About this task:
Your task is to work out how many lines in the data include the word "ltmxE". Reply with the number alone.
----------
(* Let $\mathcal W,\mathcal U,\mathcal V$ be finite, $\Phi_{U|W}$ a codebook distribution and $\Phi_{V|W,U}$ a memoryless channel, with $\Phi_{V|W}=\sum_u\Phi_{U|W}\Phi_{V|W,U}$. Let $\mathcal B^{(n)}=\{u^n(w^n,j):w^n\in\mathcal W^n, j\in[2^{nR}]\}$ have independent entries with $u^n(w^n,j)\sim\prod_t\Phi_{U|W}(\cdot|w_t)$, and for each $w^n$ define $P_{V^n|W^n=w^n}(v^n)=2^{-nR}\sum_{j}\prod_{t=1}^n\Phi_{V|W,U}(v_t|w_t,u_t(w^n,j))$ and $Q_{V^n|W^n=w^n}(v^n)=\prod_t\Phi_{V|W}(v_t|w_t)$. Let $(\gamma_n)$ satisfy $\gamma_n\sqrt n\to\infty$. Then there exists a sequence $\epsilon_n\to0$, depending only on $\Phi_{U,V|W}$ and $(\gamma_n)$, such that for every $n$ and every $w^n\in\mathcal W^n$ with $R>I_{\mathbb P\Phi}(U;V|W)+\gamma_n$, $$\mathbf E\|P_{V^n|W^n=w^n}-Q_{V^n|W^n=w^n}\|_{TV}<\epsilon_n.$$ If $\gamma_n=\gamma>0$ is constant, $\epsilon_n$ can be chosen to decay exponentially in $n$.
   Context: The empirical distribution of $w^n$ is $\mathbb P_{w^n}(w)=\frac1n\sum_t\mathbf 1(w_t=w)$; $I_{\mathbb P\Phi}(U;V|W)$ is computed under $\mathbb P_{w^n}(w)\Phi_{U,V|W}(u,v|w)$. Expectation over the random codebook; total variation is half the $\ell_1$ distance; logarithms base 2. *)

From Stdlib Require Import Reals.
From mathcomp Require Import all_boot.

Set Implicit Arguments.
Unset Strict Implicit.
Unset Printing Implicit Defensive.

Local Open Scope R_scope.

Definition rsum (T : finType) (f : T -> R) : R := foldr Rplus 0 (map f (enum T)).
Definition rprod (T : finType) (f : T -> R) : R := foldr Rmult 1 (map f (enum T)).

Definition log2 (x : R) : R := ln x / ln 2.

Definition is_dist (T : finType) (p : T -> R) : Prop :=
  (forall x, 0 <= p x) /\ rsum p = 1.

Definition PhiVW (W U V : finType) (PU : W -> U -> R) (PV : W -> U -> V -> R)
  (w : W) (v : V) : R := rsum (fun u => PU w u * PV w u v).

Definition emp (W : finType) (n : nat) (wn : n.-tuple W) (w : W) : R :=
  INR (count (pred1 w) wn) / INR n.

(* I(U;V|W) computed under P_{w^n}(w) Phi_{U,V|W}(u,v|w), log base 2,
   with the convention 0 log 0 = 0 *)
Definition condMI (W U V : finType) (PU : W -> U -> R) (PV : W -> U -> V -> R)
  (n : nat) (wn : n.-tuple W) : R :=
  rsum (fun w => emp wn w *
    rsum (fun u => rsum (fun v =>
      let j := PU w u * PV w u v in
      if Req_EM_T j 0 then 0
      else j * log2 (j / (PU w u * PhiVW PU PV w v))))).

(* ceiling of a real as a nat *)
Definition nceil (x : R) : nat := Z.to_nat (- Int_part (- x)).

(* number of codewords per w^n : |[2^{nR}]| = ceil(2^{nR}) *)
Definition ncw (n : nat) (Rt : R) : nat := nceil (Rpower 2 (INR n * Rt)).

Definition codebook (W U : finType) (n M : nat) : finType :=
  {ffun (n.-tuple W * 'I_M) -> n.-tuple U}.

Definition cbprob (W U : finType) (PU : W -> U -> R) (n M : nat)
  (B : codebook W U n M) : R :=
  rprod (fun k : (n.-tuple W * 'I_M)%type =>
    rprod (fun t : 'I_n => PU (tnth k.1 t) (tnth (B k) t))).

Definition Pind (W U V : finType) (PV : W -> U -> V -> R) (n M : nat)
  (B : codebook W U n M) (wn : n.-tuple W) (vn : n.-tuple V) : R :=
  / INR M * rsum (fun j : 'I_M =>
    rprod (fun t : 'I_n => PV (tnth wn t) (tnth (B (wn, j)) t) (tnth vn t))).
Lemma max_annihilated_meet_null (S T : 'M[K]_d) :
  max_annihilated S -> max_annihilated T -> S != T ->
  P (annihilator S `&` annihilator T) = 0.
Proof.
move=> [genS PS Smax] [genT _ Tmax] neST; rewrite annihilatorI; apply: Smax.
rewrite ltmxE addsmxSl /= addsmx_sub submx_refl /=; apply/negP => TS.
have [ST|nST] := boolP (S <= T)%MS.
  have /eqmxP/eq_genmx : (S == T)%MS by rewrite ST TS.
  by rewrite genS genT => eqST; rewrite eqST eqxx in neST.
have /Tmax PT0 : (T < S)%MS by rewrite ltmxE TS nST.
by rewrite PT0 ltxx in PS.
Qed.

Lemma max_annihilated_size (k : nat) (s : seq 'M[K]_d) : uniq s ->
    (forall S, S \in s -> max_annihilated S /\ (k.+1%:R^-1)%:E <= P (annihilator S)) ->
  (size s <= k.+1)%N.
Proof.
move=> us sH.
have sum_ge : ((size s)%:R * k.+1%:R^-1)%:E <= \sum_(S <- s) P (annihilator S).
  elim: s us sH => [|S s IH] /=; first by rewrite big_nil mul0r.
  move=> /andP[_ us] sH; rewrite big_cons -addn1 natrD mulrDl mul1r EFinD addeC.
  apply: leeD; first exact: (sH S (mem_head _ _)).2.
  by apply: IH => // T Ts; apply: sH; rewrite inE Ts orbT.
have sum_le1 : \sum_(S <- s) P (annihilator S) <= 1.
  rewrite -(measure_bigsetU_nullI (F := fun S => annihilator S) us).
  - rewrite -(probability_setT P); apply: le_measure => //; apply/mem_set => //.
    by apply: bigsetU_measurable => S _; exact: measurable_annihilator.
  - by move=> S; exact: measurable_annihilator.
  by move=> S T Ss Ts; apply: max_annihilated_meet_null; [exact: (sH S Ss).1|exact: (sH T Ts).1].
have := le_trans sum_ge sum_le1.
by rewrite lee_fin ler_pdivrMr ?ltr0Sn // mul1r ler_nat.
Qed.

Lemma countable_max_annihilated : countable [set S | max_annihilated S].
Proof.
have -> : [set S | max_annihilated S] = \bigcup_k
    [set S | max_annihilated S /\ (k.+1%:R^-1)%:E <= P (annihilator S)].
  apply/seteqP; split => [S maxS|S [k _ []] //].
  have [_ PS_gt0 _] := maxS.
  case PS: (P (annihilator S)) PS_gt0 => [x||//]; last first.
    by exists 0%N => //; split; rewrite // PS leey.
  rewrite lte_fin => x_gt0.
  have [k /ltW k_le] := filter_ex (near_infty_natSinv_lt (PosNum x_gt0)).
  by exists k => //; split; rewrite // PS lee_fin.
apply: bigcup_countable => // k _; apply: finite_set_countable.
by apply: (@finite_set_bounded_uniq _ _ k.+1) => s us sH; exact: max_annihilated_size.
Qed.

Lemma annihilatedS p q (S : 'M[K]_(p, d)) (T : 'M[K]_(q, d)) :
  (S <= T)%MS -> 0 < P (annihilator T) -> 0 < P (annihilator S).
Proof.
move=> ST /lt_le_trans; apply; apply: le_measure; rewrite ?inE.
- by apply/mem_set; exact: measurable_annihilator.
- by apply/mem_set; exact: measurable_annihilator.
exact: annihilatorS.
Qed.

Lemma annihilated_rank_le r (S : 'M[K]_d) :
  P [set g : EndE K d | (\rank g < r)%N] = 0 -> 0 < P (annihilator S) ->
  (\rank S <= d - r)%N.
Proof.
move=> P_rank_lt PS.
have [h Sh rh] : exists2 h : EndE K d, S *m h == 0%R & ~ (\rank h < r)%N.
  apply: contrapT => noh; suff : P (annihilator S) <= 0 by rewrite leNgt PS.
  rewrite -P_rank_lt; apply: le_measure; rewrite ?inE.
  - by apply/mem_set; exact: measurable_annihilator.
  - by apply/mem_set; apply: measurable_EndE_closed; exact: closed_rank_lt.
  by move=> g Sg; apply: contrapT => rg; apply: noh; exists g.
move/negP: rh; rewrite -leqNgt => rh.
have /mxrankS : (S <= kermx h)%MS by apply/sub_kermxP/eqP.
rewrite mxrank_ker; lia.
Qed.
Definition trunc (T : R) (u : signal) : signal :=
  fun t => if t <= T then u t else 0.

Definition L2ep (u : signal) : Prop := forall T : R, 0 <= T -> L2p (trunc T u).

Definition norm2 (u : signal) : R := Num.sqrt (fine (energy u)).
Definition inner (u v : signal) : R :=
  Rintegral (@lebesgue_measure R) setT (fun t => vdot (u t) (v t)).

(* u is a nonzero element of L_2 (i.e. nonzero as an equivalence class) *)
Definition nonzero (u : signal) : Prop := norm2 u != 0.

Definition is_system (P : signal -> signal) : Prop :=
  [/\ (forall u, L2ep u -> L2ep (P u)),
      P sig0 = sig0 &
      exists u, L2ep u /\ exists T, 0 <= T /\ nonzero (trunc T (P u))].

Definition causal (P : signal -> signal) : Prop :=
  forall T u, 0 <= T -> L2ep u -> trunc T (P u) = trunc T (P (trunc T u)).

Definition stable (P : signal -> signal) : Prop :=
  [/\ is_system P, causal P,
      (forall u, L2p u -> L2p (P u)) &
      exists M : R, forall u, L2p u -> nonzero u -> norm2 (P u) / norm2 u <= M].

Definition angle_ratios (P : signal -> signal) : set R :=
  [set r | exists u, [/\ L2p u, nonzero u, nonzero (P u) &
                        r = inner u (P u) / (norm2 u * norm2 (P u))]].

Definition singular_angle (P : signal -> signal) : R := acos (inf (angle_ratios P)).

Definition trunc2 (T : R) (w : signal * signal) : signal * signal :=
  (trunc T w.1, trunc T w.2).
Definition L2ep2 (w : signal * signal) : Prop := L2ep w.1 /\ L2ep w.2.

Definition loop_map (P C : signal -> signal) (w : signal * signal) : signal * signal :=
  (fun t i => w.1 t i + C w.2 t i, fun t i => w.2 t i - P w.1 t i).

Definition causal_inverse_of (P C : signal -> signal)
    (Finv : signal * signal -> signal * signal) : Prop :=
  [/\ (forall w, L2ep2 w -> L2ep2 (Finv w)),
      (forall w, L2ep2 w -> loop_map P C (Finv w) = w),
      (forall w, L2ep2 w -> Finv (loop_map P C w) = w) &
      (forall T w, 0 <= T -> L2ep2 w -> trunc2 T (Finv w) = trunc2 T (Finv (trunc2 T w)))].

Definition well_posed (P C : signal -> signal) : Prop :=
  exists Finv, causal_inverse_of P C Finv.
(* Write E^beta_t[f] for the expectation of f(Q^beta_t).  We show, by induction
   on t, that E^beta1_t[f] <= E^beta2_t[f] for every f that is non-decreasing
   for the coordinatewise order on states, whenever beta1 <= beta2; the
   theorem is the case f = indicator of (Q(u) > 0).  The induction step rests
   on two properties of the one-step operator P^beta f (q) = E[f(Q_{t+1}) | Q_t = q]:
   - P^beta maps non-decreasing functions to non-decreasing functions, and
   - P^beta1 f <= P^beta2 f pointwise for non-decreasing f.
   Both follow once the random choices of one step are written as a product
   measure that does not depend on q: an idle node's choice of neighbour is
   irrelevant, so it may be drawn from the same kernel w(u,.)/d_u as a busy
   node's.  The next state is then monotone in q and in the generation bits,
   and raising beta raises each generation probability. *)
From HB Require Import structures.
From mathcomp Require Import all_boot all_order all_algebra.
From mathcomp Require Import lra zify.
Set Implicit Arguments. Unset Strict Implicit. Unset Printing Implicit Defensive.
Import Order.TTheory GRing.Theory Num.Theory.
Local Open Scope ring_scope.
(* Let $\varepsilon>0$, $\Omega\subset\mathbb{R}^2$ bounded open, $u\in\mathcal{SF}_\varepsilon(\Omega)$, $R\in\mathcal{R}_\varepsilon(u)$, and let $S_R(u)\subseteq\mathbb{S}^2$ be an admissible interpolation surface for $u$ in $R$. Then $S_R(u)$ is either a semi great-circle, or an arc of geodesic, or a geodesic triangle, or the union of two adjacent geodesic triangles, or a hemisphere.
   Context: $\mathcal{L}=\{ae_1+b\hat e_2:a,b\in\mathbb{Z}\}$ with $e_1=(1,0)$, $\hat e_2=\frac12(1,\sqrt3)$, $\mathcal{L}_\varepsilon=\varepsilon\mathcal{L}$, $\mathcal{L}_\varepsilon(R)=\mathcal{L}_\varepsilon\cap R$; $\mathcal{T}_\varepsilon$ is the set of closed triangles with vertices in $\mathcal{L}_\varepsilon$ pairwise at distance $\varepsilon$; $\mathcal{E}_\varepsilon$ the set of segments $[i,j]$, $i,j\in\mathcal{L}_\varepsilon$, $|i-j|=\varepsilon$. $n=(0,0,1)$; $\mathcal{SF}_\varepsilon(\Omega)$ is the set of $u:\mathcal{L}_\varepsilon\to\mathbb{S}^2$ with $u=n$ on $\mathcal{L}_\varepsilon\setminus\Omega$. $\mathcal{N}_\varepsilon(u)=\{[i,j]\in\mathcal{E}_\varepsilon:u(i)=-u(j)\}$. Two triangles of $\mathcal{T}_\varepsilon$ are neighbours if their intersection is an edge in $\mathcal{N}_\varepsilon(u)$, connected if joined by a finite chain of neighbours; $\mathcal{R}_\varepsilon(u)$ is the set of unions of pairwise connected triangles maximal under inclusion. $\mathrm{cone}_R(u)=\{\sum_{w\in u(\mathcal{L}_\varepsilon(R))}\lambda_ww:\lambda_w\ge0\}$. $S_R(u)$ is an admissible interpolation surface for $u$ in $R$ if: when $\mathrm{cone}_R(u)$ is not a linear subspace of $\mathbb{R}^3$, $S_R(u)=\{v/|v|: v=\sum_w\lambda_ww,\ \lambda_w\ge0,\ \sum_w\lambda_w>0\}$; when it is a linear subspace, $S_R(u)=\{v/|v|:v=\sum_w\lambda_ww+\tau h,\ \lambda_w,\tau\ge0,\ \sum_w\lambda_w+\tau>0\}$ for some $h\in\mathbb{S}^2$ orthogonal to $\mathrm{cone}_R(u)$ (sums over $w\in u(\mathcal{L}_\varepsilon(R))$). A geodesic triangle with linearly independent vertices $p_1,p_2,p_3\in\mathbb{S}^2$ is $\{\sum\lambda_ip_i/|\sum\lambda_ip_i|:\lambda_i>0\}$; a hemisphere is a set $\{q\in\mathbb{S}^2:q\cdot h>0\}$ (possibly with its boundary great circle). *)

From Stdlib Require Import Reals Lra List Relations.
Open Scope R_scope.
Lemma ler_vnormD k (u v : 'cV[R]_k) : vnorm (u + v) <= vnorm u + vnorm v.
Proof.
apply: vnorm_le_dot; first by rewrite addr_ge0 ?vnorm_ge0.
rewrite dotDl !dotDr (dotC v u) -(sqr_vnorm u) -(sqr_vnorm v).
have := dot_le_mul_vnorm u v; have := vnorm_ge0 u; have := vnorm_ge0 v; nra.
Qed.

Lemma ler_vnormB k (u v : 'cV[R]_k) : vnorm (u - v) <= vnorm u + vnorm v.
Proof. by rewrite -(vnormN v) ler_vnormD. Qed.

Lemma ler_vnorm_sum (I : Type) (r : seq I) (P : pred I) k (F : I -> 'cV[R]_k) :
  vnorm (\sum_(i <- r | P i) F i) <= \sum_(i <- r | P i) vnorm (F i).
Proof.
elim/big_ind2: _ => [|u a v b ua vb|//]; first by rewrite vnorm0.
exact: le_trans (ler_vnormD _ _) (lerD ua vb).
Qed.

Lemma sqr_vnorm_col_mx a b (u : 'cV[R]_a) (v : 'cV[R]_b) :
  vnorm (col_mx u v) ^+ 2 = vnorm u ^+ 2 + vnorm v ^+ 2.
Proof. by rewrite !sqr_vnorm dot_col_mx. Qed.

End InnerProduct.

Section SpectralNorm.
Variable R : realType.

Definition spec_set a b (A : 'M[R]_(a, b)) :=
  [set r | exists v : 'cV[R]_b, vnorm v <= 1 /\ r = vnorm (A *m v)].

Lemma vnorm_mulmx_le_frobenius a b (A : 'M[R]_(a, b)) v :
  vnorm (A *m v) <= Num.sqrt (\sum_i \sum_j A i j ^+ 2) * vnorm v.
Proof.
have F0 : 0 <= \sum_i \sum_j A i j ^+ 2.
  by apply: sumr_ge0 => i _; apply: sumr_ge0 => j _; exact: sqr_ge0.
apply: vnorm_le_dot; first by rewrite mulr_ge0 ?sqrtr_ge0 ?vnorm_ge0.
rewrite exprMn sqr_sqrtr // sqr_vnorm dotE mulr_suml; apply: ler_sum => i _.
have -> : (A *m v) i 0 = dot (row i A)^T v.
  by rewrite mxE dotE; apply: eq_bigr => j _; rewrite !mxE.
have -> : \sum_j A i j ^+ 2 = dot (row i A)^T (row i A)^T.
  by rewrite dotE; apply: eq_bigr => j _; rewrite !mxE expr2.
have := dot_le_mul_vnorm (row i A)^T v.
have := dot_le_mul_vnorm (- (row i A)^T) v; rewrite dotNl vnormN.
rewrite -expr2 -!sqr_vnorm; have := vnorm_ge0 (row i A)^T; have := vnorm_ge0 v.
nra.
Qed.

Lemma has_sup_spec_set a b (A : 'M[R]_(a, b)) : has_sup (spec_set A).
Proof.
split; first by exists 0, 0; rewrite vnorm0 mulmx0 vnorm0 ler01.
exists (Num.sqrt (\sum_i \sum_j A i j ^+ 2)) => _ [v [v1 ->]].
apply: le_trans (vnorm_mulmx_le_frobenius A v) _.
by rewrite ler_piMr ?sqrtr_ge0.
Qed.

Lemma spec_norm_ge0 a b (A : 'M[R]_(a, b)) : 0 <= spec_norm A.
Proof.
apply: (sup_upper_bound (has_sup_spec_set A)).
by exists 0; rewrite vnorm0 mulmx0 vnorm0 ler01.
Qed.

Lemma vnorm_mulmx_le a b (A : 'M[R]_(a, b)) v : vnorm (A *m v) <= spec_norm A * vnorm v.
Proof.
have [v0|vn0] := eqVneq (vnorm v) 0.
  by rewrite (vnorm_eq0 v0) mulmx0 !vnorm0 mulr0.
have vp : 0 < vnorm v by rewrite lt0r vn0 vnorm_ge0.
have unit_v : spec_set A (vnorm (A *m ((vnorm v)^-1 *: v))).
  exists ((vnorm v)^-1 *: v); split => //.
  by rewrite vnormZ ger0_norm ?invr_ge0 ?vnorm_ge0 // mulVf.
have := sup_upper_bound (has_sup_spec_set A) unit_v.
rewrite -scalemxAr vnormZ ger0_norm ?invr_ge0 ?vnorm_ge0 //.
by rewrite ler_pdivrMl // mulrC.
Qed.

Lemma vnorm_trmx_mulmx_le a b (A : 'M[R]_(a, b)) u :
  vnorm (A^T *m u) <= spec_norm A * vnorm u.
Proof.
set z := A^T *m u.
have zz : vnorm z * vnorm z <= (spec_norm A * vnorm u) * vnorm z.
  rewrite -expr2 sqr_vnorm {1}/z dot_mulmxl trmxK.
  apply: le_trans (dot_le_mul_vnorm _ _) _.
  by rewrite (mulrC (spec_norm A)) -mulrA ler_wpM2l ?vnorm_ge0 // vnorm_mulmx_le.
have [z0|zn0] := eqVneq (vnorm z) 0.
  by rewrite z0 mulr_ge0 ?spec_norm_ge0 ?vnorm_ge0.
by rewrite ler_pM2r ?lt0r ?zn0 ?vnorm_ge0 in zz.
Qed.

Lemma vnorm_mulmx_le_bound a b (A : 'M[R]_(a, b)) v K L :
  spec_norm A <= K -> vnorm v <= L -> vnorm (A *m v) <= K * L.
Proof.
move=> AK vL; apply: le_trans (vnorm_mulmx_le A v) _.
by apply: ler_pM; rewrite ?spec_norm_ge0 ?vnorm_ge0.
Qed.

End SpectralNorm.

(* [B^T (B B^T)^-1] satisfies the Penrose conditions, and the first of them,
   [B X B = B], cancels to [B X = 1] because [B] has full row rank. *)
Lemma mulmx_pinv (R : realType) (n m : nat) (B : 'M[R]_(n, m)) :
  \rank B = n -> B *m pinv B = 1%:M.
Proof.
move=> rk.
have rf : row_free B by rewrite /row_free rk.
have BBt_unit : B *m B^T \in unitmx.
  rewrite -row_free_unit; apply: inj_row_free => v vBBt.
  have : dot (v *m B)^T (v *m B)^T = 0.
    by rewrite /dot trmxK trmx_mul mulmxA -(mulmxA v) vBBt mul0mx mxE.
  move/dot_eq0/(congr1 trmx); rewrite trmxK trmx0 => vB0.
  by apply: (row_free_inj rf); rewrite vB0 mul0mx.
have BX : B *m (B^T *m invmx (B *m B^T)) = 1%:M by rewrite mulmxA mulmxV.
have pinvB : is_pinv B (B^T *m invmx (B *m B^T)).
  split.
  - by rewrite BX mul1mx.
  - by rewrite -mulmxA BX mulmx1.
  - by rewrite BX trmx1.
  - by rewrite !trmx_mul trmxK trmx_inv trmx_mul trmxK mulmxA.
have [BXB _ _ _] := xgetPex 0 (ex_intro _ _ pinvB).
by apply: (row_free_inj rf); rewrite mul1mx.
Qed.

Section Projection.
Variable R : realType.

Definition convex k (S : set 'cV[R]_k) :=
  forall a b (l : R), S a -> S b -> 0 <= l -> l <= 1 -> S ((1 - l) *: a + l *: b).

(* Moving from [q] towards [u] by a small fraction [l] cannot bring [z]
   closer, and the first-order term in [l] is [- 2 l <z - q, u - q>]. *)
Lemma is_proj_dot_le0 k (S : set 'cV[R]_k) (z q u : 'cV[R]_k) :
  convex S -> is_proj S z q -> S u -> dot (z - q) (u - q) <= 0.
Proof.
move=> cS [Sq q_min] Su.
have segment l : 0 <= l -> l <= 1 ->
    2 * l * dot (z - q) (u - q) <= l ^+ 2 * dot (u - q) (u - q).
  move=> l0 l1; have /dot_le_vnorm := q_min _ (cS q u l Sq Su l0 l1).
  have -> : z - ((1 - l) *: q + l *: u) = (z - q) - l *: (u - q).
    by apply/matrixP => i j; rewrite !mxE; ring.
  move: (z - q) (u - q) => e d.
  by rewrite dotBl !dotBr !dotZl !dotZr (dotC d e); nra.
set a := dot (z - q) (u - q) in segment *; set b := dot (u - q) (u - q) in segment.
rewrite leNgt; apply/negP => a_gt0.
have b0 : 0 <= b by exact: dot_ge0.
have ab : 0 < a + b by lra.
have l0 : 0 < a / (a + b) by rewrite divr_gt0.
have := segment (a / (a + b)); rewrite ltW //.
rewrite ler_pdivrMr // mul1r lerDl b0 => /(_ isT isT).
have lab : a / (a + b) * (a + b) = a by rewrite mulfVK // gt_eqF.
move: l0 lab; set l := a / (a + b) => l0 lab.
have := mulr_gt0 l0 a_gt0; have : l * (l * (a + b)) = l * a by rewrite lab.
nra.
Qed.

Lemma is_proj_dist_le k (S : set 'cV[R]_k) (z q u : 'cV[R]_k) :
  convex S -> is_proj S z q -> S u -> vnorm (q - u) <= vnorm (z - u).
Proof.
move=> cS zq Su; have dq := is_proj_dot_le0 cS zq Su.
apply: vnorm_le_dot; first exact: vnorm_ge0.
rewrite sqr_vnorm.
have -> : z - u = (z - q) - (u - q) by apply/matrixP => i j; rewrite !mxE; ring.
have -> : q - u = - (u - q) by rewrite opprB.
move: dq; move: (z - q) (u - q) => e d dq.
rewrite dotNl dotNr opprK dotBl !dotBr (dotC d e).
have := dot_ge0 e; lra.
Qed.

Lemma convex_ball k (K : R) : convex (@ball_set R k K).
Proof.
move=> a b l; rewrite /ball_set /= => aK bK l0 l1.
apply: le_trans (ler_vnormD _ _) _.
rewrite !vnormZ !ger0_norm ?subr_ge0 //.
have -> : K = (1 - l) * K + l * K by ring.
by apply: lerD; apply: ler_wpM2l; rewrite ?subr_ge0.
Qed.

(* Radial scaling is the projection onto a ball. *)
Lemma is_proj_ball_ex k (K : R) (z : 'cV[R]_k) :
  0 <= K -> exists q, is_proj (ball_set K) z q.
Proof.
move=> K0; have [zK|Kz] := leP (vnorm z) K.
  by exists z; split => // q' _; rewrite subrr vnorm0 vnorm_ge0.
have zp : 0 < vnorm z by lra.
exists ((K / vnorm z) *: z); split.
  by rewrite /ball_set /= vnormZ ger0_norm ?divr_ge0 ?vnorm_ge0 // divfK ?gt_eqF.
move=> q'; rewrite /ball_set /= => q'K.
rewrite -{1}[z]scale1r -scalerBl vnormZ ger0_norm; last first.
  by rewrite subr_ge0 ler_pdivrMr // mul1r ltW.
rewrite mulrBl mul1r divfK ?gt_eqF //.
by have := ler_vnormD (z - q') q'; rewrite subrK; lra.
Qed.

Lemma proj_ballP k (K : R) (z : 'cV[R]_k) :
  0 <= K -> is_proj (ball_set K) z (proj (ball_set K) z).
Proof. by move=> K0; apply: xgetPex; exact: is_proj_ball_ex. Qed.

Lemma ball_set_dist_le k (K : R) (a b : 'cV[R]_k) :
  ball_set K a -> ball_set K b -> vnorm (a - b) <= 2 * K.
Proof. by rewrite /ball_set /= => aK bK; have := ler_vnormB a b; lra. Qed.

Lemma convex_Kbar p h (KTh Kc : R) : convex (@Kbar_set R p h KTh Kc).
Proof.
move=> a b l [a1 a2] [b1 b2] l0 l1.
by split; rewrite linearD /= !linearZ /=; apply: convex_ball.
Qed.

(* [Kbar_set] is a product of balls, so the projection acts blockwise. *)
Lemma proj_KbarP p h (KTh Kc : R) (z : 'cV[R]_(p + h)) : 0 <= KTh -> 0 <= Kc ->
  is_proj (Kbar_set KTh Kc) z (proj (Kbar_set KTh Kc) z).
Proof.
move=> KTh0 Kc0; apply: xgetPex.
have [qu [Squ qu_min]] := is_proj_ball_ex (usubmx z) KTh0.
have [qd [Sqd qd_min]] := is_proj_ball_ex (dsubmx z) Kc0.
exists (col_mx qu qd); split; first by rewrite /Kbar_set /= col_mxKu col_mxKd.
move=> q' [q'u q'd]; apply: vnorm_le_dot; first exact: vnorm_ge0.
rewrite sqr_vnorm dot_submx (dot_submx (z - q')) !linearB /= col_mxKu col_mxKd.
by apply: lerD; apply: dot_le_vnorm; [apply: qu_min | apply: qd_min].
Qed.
----------
Solved exercise:
2